(Saved entries)
##############################
(* Among the bases with the most zeros of x, one minimizing p B - sum_B x contains
   k; exchanging k against the partner j offered by a cocircuit would either add
   a zero of x or decrease that weight, unless x k + y k is shared. *)
Lemma tls_orth_cocircuit_perp y :
  (forall S, #|S| = r.-1 -> torth (cocircuit p S) y) -> torth x y.
Proof.
move=> y_perp; apply/torthP => k a b xk yk; apply: NNPP => no_other.
have [B [[admB Bmin] kB]] := exists_optimal_mem xk.
have /andP [pB0 /eqP zB] := admB; case pB : (p B) pB0 => [v|] // _.
have szB : #|B| = r by apply: (plucker_card p_plucker); rewrite pB.
have szS : #|B :\ k| = r.-1 by rewrite cardsD1_in // szB.
have ck : cocircuit p (B :\ k) k = Some v by rewrite /cocircuit setD1K.
have [j [d [e [jk cj yj le_de]]]] := (torthP _ _).1 (y_perp _ szS) k v b ck yk.
have jB : j \notin B.
  by apply/negP => jB; move: cj; rewrite (cocircuit_mem p_plucker) // !inE jk.
move: cj; rewrite /cocircuit setU1D1 // => pB'.
case xj : (x j) => [c|].
- have admB' : admissible ((j |: B) :\ k).
    by rewrite /admissible pB' card_exchange_setI ?inE ?xj ?xk //= zB.
  have := Bmin _ admB'; rewrite /weight pB pB' sum_exchange // xj xk /= => le_w.
  by apply: no_other; exists j, c, e; split=> //; lra.
- have := @zmax_ge ((j |: B) :\ k).
  by rewrite pB' card_exchange_setI ?inE ?xj ?xk //= zB ltnn => /(_ isT).
Qed.
End CocircuitSpan.

Section CircuitsDetermineVector.
Variables (R : realType) (E : finType) (r : nat) (p q : {set E} -> trop R).
Hypothesis p_plucker : plucker r p.
Hypothesis q_card : forall {U : {set E}}, q U <> None -> #|U| = r.
Hypothesis q_nonzero : exists U, q U <> None.
Hypothesis cocircuit_p_perp_circuit_q : forall S T : {set E},
  #|S| = r.-1 -> #|T| = r.+1 -> torth (cocircuit p S) (dvec q T).
Implicit Types (A B S T U : {set E}).

Lemma exchange_partner (f : {set E} -> trop R) A B b :
  torth (cocircuit p (B :\ b)) (dvec f (b |: A)) -> b \in B -> b \notin A ->
  p B <> None -> f A <> None ->
  exists j, [/\ j \in A, j \notin B, p ((j |: B) :\ b) <> None & f ((b |: A) :\ j) <> None].
Proof.
move=> orth bB bA; case pB : (p B) => [u|] // _; case fA : (f A) => [w|] // _.
have szS : #|B :\ b| = r.-1 by rewrite cardsD1_in // (plucker_card p_plucker) ?pB.
have cb : cocircuit p (B :\ b) b = Some u by rewrite /cocircuit setD1K.
have db : dvec f (b |: A) b = Some w by rewrite /dvec setU11 setU1K.
have [j [u' [w' [jb cj dj _]]]] := (torthP _ _).1 orth b u w cb db.
move: dj; rewrite /dvec; case: ifPn => // /setU1P [/eqP|jA]; first by rewrite (negbTE jb).
have jB : j \notin B.
  by apply/negP => jB; move: cj; rewrite (cocircuit_mem p_plucker) // !inE jb.
move=> fj; exists j; split=> //; last by rewrite fj.
by move: cj; rewrite /cocircuit setU1D1 // => ->.
Qed.

Lemma q_support_sub A B : q A <> None -> p B <> None -> p A <> None.
Proof.
move Hk : #|B :\: A| => k; elim: k A B Hk => [|k IH] A B szBA qA pB.
  by rewrite -(setD_card0_eq szBA) // (q_card qA) (plucker_card p_plucker pB).
have [b] : exists b, b \in B :\: A by apply/card_gt0P; rewrite szBA.
rewrite inE => /andP [bA bB].
have szS : #|B :\ b| = r.-1 by rewrite cardsD1_in // (plucker_card p_plucker pB).
have szT : #|b |: A| = r.+1 by rewrite cardsU1_notin // (q_card qA).
have [j [jA jB pB' _]] := exchange_partner (cocircuit_p_perp_circuit_q szS szT) bB bA pB qA.
apply: (IH A ((j |: B) :\ b)) => //.
by move: szBA; rewrite setDU1D1 // (cardsD1 b (B :\: A)) inE bA bB; lia.
Qed.

(* Only the coordinates b and j of the orthogonal pair below are finite. *)
Lemma q_exchange_shift A b j pa qa c :
  b \notin A -> j \in A -> p A = Some pa -> q A = Some qa ->
  p ((b |: A) :\ j) = Some c -> q ((b |: A) :\ j) = Some (c + (qa - pa)).
Proof.
move=> bA jA pA qA pA'.
have bj : b != j by apply: contraNneq bA => ->.
have szA : #|A| = r by apply: (plucker_card p_plucker); rewrite pA.
have szS : #|A :\ j| = r.-1 by rewrite cardsD1_in // szA.
have szT : #|b |: A| = r.+1 by rewrite cardsU1_notin // szA.
have off k : k != b -> k != j -> tplus (cocircuit p (A :\ j) k) (dvec q (b |: A) k) = None.
  move=> kb kj; rewrite /dvec; case: ifPn => [/setU1P [/eqP|kA] | _]; first by rewrite (negbTE kb).
    by rewrite (cocircuit_mem p_plucker) // !inE kj.
  by case: (cocircuit p _ k).
have := torth_pair (cocircuit_p_perp_circuit_q szS szT) bj off.
rewrite /cocircuit /dvec setU11 setU1K // setU1D1 // pA' qA setD1K // pA.
rewrite (setU1r b jA); case: (q _) => [w|] /(_ _ erefl) // [eq_w].
by congr Some; lra.
Qed.

Lemma q_shift_p A B pa qa :
  p A = Some pa -> q A = Some qa -> p B <> None -> q B = tplus (p B) (Some (qa - pa)).
Proof.
move Hk : #|B :\: A| => k; elim: k A B pa qa Hk => [|k IH] A B pa qa szBA pA qA pB.
  have szA : #|A| = r by apply: (plucker_card p_plucker); rewrite pA.
  rewrite (setD_card0_eq szBA) ?szA ?(plucker_card p_plucker pB) // pA qA /=.
  by congr Some; lra.
have [b] : exists b, b \in B :\: A by apply/card_gt0P; rewrite szBA.
rewrite inE => /andP [bA bB].
have szA : #|A| = r by apply: (plucker_card p_plucker); rewrite pA.
have szS : #|B :\ b| = r.-1 by rewrite cardsD1_in // (plucker_card p_plucker pB).
have szT : #|b |: A| = r.+1 by rewrite cardsU1_notin // szA.
have pA0 : p A <> None by rewrite pA.
have [j [jA jB _]] := exchange_partner (cocircuit_circuit_orth p_plucker szS szT) bB bA pB pA0.
case pA' : (p _) => [c|] // _.
rewrite (IH ((b |: A) :\ j) B c (c + (qa - pa))) //; first by congr tplus; congr Some; lra.
  by move: szBA; rewrite setDD1U1 // (cardsD1 b (B :\: A)) inE bA bB; lia.
exact: q_exchange_shift pA qA pA'.
Qed.

Lemma cocircuit_perp_shift : exists l, forall U, q U = tplus (p U) (Some l).
Proof.
have [A qA] := q_nonzero; case: p_plucker => [[B pB] _ _].
have := q_support_sub qA pB.
case pA : (p A) => [pa|] // _; case qA' : (q A) qA => [qa|] // _.
exists (qa - pa) => U; case pU : (p U) => [u|].
  by rewrite (q_shift_p pA qA') ?pU.
case qU : (q U) => [w|] //.
by exfalso; apply: (@q_support_sub U A); rewrite ?qU ?pU ?pA.
Qed.

End CircuitsDetermineVector.

Section Reflection.
Variable n : nat.
Implicit Types (T : {set J n}) (i : J n).

Lemma jstarK : involutive (@jstar n). Proof. by case. Qed.

Lemma J_gt0 i : (0 < n)%N.
Proof. by case: i => k; apply: leq_ltn_trans (ltn_ord k). Qed.

Lemma card_J : #|J n| = (n + n)%N.
Proof. by rewrite card_sum card_ord. Qed.

Lemma mem_setstar T i : (i \in setstar T) = (jstar i \in T).
Proof.
apply/imsetP/idP => [[k kT ->] | iT]; first by rewrite jstarK.
by exists (jstar i); rewrite ?jstarK.
Qed.

Lemma setstarK : involutive (@setstar n).
Proof. by move=> T; apply/setP => i; rewrite !mem_setstar jstarK. Qed.

Lemma setstarC T : setstar (~: T) = ~: setstar T.
Proof. by apply/setP => i; rewrite !(mem_setstar, inE). Qed.

Lemma card_setstar T : #|setstar T| = #|T|.
Proof. exact/card_imset/inv_inj/jstarK. Qed.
##############################
◆ **What to work on**: Above are the records. Copy the lines beginning at the one that has "move=> kb kj;" and ending with the one that has "have := torth_pair", unchanged.

◆ **Result below**:
  move=> kb kj; rewrite /dvec; case: ifPn => [/setU1P [/eqP|kA] | _]; first by rewrite (negbTE kb).
    by rewrite (cocircuit_mem p_plucker) // !inE kj.
  by case: (cocircuit p _ k).
have := torth_pair (cocircuit_p_perp_circuit_q szS szT) bj off.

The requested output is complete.